(WHAT IS BEING ASKED): What you return must be an exact copy of the lines in the listing below between the line holding "split=> [[a b]|[a" and the line holding "move=> [G0 cG]", inclusive, and nothing more.

(RECORDS SHOWN):
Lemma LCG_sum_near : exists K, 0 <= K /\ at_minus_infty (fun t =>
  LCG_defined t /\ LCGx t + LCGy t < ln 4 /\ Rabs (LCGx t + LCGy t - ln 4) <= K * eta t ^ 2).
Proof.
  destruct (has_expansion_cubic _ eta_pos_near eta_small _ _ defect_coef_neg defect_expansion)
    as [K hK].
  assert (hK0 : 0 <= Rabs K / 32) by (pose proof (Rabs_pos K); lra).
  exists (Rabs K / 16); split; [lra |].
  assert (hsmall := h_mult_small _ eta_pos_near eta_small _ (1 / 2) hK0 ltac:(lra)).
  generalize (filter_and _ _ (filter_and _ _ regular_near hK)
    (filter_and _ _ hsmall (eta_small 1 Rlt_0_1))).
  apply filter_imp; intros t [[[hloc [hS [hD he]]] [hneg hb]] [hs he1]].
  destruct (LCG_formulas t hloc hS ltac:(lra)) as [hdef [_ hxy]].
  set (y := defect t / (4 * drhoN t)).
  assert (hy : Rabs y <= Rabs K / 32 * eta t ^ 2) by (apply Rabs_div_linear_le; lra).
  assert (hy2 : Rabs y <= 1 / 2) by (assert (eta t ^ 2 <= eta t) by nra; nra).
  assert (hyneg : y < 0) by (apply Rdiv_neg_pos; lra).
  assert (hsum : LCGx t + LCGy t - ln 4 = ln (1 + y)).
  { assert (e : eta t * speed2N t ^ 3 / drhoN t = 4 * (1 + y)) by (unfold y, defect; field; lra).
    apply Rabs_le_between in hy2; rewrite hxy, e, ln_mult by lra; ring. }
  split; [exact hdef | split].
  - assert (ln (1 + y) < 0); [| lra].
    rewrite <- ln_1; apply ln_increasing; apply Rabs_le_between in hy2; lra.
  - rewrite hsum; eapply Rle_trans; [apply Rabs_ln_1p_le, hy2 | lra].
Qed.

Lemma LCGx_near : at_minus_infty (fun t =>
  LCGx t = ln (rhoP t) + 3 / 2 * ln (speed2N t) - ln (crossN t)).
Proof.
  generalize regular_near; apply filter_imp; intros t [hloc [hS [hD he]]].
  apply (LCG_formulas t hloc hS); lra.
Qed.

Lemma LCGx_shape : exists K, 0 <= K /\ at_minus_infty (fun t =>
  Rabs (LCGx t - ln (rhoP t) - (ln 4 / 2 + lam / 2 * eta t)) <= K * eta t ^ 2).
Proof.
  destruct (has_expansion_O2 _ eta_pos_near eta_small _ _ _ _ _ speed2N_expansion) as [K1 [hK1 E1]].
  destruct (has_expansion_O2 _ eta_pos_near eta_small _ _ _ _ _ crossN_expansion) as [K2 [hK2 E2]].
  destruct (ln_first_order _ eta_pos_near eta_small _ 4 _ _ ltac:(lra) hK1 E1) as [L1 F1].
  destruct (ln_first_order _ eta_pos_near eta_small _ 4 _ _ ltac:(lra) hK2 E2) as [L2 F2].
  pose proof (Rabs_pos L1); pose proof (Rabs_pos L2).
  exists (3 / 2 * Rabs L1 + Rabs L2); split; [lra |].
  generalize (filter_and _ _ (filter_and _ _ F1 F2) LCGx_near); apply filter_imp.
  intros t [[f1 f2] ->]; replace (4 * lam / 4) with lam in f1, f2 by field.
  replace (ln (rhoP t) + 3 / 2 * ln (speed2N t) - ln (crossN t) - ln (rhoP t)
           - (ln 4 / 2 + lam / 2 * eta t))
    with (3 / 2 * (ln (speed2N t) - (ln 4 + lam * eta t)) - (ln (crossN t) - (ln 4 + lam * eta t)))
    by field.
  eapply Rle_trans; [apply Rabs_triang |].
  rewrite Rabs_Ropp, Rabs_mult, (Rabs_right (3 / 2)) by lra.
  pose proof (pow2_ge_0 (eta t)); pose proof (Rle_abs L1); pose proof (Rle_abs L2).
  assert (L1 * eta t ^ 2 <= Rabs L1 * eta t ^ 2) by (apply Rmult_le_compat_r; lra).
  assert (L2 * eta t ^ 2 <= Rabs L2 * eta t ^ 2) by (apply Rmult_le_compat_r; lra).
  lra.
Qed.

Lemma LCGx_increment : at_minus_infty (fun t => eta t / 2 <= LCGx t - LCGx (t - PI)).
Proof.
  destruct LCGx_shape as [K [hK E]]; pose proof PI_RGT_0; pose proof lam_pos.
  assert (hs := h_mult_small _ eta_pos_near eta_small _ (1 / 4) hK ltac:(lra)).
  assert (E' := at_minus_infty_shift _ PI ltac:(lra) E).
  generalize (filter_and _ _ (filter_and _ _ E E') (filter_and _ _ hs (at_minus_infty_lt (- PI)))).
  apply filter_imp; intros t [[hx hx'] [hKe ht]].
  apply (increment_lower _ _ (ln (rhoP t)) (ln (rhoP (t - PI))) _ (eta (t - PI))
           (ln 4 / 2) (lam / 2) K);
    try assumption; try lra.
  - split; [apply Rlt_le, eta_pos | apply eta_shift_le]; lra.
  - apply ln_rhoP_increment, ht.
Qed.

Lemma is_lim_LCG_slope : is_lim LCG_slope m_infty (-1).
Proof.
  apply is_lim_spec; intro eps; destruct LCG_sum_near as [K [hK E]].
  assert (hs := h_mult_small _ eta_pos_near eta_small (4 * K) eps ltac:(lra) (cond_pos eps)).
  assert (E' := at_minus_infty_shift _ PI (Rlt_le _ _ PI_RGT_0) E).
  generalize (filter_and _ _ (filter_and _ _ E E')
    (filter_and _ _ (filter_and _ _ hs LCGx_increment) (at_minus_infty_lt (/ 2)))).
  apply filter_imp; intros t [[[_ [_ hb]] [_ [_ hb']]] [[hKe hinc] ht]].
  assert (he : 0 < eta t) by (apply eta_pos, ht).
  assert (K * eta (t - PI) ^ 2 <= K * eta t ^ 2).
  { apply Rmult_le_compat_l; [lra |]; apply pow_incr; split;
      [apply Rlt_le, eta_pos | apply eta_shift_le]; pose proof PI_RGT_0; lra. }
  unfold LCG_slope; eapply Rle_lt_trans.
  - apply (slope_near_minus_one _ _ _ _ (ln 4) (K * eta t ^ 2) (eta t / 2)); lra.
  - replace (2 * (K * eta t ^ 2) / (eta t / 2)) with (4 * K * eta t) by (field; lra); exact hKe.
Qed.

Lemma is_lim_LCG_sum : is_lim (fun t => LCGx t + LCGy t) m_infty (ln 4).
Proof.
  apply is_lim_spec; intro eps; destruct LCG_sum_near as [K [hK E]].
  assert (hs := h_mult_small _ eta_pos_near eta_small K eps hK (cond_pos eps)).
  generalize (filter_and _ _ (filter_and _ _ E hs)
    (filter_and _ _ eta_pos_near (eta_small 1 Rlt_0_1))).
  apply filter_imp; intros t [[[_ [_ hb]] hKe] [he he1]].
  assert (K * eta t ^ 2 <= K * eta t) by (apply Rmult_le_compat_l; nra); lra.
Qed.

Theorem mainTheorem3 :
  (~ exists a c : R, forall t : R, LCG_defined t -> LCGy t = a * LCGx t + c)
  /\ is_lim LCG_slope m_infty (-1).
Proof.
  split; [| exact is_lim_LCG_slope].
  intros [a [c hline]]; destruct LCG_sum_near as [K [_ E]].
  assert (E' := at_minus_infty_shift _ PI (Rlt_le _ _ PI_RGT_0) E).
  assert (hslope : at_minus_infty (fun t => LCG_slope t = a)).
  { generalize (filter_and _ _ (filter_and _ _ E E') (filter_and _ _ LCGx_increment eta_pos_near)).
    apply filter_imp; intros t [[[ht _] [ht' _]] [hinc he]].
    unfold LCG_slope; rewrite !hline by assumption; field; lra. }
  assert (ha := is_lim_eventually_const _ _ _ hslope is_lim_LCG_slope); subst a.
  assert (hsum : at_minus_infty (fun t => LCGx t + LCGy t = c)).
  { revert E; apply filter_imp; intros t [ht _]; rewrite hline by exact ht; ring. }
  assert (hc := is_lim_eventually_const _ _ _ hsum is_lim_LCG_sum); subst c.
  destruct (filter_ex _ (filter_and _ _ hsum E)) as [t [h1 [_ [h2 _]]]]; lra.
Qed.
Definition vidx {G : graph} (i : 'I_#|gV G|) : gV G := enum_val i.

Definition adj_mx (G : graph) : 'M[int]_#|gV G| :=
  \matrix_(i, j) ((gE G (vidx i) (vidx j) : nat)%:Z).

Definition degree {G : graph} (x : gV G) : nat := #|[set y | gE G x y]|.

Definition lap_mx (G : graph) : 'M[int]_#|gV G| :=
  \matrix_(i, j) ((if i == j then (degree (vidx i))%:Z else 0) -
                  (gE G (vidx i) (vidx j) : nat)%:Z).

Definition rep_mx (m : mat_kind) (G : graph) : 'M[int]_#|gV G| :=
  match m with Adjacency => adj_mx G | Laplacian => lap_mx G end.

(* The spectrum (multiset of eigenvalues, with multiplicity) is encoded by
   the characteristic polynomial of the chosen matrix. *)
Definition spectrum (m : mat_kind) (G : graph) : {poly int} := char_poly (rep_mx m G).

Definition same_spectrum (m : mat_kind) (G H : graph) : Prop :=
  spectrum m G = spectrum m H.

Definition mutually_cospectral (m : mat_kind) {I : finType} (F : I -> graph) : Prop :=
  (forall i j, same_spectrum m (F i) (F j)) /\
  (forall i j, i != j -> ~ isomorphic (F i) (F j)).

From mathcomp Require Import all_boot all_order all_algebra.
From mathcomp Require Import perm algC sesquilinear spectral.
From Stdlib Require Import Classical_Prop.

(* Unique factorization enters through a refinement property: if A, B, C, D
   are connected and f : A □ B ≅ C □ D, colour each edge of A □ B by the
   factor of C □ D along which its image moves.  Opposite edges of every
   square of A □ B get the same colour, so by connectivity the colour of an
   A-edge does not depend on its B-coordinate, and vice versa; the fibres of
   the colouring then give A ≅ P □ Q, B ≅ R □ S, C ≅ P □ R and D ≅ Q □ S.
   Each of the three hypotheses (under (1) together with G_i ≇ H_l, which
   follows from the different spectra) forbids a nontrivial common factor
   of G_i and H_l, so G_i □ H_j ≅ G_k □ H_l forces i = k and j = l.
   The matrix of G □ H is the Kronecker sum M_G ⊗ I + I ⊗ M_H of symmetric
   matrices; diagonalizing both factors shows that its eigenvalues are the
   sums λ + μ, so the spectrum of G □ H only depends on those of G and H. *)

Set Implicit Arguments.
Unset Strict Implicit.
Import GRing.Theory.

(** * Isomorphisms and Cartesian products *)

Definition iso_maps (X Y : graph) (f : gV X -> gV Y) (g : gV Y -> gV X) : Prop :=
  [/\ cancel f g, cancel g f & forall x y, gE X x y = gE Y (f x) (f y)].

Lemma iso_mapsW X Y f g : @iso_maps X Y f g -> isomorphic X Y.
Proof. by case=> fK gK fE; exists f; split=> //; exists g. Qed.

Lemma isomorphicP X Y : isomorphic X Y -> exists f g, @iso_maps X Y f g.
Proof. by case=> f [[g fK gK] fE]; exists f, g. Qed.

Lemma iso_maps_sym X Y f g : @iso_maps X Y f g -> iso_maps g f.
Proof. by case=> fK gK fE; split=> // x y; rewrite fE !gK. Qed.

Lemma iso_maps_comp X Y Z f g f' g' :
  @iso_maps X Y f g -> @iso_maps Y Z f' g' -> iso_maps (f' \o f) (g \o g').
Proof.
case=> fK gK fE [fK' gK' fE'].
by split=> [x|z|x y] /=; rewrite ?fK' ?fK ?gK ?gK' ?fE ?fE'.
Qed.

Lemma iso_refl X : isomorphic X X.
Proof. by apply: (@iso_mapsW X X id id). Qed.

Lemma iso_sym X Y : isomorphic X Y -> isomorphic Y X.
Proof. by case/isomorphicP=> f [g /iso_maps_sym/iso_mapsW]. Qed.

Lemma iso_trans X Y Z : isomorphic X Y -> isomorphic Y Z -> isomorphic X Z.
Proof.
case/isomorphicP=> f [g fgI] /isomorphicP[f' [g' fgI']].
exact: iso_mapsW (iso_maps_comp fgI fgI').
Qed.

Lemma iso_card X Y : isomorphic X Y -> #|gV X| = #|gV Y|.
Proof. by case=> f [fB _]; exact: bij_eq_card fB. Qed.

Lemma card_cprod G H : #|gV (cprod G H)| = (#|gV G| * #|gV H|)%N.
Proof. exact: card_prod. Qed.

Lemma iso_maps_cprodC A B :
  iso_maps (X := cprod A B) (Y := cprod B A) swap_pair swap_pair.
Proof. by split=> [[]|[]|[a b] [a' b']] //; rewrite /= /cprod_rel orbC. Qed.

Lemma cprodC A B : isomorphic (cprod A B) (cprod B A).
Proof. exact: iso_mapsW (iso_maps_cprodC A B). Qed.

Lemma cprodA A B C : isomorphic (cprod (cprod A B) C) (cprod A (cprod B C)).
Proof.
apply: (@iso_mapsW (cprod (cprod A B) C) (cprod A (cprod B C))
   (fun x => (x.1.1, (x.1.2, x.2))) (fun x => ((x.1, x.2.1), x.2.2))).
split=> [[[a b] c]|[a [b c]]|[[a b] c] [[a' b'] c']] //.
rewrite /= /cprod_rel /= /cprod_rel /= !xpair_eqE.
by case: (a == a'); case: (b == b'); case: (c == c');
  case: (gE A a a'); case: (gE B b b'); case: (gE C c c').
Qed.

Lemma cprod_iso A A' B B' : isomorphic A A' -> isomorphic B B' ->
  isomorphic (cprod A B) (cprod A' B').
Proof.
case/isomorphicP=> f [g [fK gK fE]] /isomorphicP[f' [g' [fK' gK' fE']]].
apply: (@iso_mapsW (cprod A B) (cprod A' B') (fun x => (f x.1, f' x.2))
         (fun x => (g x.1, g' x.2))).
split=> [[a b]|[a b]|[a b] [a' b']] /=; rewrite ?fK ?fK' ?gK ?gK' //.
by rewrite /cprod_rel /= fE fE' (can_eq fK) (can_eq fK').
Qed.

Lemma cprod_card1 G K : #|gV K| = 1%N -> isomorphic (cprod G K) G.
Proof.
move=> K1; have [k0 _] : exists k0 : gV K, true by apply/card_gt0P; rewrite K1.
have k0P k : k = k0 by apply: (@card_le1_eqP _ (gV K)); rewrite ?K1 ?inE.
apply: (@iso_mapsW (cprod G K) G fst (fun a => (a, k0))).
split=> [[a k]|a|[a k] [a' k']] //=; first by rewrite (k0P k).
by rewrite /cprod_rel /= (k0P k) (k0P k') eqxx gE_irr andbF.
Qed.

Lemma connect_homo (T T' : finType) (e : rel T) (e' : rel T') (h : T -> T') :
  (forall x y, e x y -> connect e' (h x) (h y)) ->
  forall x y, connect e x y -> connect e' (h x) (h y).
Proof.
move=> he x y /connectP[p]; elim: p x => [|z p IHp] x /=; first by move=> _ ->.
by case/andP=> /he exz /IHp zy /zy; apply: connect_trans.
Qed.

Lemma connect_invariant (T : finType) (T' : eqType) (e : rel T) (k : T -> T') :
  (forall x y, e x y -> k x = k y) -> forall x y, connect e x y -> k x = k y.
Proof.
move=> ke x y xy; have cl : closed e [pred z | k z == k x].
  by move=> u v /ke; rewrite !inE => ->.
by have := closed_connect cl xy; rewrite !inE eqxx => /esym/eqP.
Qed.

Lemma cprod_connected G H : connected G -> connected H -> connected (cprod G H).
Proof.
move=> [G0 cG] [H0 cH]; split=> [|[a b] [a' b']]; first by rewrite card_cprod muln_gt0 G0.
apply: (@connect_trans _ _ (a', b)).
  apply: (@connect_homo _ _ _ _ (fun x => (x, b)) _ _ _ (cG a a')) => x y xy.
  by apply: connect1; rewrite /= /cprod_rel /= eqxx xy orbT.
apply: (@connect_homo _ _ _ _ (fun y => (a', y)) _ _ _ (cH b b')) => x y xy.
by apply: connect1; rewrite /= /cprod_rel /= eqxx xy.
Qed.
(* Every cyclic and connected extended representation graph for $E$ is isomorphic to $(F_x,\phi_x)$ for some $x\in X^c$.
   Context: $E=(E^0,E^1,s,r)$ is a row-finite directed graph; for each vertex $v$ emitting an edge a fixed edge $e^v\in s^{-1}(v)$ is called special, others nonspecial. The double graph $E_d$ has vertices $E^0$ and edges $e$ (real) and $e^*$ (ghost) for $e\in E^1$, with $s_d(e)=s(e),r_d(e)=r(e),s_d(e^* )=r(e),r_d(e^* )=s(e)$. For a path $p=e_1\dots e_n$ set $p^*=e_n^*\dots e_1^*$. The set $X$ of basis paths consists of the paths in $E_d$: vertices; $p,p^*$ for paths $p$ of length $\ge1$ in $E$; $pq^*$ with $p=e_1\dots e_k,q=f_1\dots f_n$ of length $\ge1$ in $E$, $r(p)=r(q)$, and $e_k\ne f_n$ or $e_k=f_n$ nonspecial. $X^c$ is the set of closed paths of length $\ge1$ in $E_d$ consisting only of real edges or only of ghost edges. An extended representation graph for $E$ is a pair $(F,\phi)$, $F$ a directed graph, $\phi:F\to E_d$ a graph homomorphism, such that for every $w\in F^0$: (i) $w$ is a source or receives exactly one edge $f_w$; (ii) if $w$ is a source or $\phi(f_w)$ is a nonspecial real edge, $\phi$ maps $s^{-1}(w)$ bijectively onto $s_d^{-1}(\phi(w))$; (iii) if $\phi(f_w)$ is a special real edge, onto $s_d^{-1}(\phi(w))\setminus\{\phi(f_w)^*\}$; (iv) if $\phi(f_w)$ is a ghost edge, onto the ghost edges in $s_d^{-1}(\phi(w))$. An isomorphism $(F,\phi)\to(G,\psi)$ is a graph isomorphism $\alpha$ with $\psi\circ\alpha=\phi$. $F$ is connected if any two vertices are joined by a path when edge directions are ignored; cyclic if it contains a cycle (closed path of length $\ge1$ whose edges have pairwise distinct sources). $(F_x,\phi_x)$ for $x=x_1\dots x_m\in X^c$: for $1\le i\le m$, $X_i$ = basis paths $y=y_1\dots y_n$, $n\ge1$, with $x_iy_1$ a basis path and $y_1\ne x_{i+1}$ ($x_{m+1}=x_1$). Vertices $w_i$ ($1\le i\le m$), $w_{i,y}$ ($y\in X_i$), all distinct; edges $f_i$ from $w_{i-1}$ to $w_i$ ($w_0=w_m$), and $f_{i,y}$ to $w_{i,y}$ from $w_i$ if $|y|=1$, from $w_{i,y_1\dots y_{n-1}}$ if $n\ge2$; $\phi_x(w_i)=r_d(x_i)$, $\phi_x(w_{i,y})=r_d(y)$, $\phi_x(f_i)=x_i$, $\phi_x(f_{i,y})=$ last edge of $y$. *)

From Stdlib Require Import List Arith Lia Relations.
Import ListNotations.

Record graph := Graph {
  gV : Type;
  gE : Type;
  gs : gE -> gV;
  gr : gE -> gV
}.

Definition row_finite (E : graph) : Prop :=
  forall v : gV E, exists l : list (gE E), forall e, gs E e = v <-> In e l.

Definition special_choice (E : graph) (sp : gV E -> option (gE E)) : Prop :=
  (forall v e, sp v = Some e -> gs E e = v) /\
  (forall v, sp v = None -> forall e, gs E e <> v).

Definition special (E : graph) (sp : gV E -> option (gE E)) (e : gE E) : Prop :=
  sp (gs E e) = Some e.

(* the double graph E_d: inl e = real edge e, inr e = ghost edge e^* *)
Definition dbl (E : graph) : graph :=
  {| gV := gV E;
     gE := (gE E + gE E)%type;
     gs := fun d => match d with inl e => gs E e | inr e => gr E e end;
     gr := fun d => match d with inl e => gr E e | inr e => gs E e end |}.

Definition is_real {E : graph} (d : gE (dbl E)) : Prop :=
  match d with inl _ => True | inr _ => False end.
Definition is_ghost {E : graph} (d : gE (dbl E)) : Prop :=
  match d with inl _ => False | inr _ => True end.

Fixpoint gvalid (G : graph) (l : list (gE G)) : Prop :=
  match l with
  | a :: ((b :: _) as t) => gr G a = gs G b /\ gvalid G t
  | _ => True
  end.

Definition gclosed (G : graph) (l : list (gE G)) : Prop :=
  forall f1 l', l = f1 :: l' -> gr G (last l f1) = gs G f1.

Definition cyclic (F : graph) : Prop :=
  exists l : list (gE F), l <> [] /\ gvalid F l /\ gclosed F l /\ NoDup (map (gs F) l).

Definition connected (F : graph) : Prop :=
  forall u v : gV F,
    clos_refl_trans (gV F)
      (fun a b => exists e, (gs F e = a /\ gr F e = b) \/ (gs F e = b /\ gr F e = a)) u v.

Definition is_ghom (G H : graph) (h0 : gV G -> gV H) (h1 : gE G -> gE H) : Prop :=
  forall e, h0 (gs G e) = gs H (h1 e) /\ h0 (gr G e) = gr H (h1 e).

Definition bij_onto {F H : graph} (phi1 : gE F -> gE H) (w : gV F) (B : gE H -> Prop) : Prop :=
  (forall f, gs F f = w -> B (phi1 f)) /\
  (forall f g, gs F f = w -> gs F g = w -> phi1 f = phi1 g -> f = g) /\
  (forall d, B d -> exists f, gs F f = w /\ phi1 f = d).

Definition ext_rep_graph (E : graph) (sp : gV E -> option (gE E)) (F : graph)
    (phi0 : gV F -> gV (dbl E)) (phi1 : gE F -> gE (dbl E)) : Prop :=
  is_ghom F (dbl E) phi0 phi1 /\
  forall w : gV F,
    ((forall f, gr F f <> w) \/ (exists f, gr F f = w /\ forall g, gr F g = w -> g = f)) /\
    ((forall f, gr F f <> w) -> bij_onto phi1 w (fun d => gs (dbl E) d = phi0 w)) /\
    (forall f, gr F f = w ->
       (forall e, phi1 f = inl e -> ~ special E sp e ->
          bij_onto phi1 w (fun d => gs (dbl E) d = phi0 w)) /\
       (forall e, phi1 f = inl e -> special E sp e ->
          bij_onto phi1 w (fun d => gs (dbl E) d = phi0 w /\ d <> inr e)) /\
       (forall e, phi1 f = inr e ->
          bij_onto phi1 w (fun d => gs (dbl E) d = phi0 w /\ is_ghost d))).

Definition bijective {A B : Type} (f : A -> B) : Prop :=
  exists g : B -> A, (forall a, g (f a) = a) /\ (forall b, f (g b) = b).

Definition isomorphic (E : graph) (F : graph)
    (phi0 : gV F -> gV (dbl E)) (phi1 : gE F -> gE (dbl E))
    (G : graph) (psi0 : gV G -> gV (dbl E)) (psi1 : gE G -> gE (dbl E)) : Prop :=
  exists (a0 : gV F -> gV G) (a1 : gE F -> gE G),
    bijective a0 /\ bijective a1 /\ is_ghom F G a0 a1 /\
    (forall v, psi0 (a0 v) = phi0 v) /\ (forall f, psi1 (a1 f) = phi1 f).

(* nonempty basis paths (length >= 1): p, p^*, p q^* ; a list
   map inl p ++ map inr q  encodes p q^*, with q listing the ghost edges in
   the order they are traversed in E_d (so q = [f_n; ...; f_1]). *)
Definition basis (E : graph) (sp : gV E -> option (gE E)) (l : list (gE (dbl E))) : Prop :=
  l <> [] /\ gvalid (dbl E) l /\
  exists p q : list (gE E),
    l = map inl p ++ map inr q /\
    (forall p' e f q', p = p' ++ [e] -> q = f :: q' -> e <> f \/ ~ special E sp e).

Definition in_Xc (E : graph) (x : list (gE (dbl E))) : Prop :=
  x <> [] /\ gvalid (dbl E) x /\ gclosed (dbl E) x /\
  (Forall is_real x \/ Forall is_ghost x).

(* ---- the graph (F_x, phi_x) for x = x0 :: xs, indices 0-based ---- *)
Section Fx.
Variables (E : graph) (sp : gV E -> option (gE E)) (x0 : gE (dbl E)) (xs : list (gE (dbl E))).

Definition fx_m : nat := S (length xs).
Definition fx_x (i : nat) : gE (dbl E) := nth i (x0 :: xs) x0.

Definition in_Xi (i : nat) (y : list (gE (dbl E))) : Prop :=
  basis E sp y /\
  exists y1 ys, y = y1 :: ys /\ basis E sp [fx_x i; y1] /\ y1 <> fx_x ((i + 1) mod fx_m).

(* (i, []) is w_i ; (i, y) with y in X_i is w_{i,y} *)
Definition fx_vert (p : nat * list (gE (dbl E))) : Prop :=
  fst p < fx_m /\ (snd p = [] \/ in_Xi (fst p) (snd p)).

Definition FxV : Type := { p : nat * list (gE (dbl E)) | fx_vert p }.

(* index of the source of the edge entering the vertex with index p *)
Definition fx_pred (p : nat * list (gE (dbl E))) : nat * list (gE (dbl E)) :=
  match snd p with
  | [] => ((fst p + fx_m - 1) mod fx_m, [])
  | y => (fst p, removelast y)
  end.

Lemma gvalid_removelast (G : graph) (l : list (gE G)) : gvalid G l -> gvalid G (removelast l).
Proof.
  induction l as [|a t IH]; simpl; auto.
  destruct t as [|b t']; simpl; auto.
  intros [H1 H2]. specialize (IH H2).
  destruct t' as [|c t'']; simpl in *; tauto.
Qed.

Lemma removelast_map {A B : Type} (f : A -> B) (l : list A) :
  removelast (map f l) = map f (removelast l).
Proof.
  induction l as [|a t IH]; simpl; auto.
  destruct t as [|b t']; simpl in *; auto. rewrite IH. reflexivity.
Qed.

(TASK SOLUTION):
split=> [[a b]|[a b]|[a b] [a' b']] /=; rewrite ?fK ?fK' ?gK ?gK' //.
by rewrite /cprod_rel /= fE fE' (can_eq fK) (can_eq fK').
Qed.

Lemma cprod_card1 G K : #|gV K| = 1%N -> isomorphic (cprod G K) G.
Proof.
move=> K1; have [k0 _] : exists k0 : gV K, true by apply/card_gt0P; rewrite K1.
have k0P k : k = k0 by apply: (@card_le1_eqP _ (gV K)); rewrite ?K1 ?inE.
apply: (@iso_mapsW (cprod G K) G fst (fun a => (a, k0))).
split=> [[a k]|a|[a k] [a' k']] //=; first by rewrite (k0P k).
by rewrite /cprod_rel /= (k0P k) (k0P k') eqxx gE_irr andbF.
Qed.

Lemma connect_homo (T T' : finType) (e : rel T) (e' : rel T') (h : T -> T') :
  (forall x y, e x y -> connect e' (h x) (h y)) ->
  forall x y, connect e x y -> connect e' (h x) (h y).
Proof.
move=> he x y /connectP[p]; elim: p x => [|z p IHp] x /=; first by move=> _ ->.
by case/andP=> /he exz /IHp zy /zy; apply: connect_trans.
Qed.

Lemma connect_invariant (T : finType) (T' : eqType) (e : rel T) (k : T -> T') :
  (forall x y, e x y -> k x = k y) -> forall x y, connect e x y -> k x = k y.
Proof.
move=> ke x y xy; have cl : closed e [pred z | k z == k x].
  by move=> u v /ke; rewrite !inE => ->.
by have := closed_connect cl xy; rewrite !inE eqxx => /esym/eqP.
Qed.

Lemma cprod_connected G H : connected G -> connected H -> connected (cprod G H).
Proof.
move=> [G0 cG] [H0 cH]; split=> [|[a b] [a' b']]; first by rewrite card_cprod muln_gt0 G0.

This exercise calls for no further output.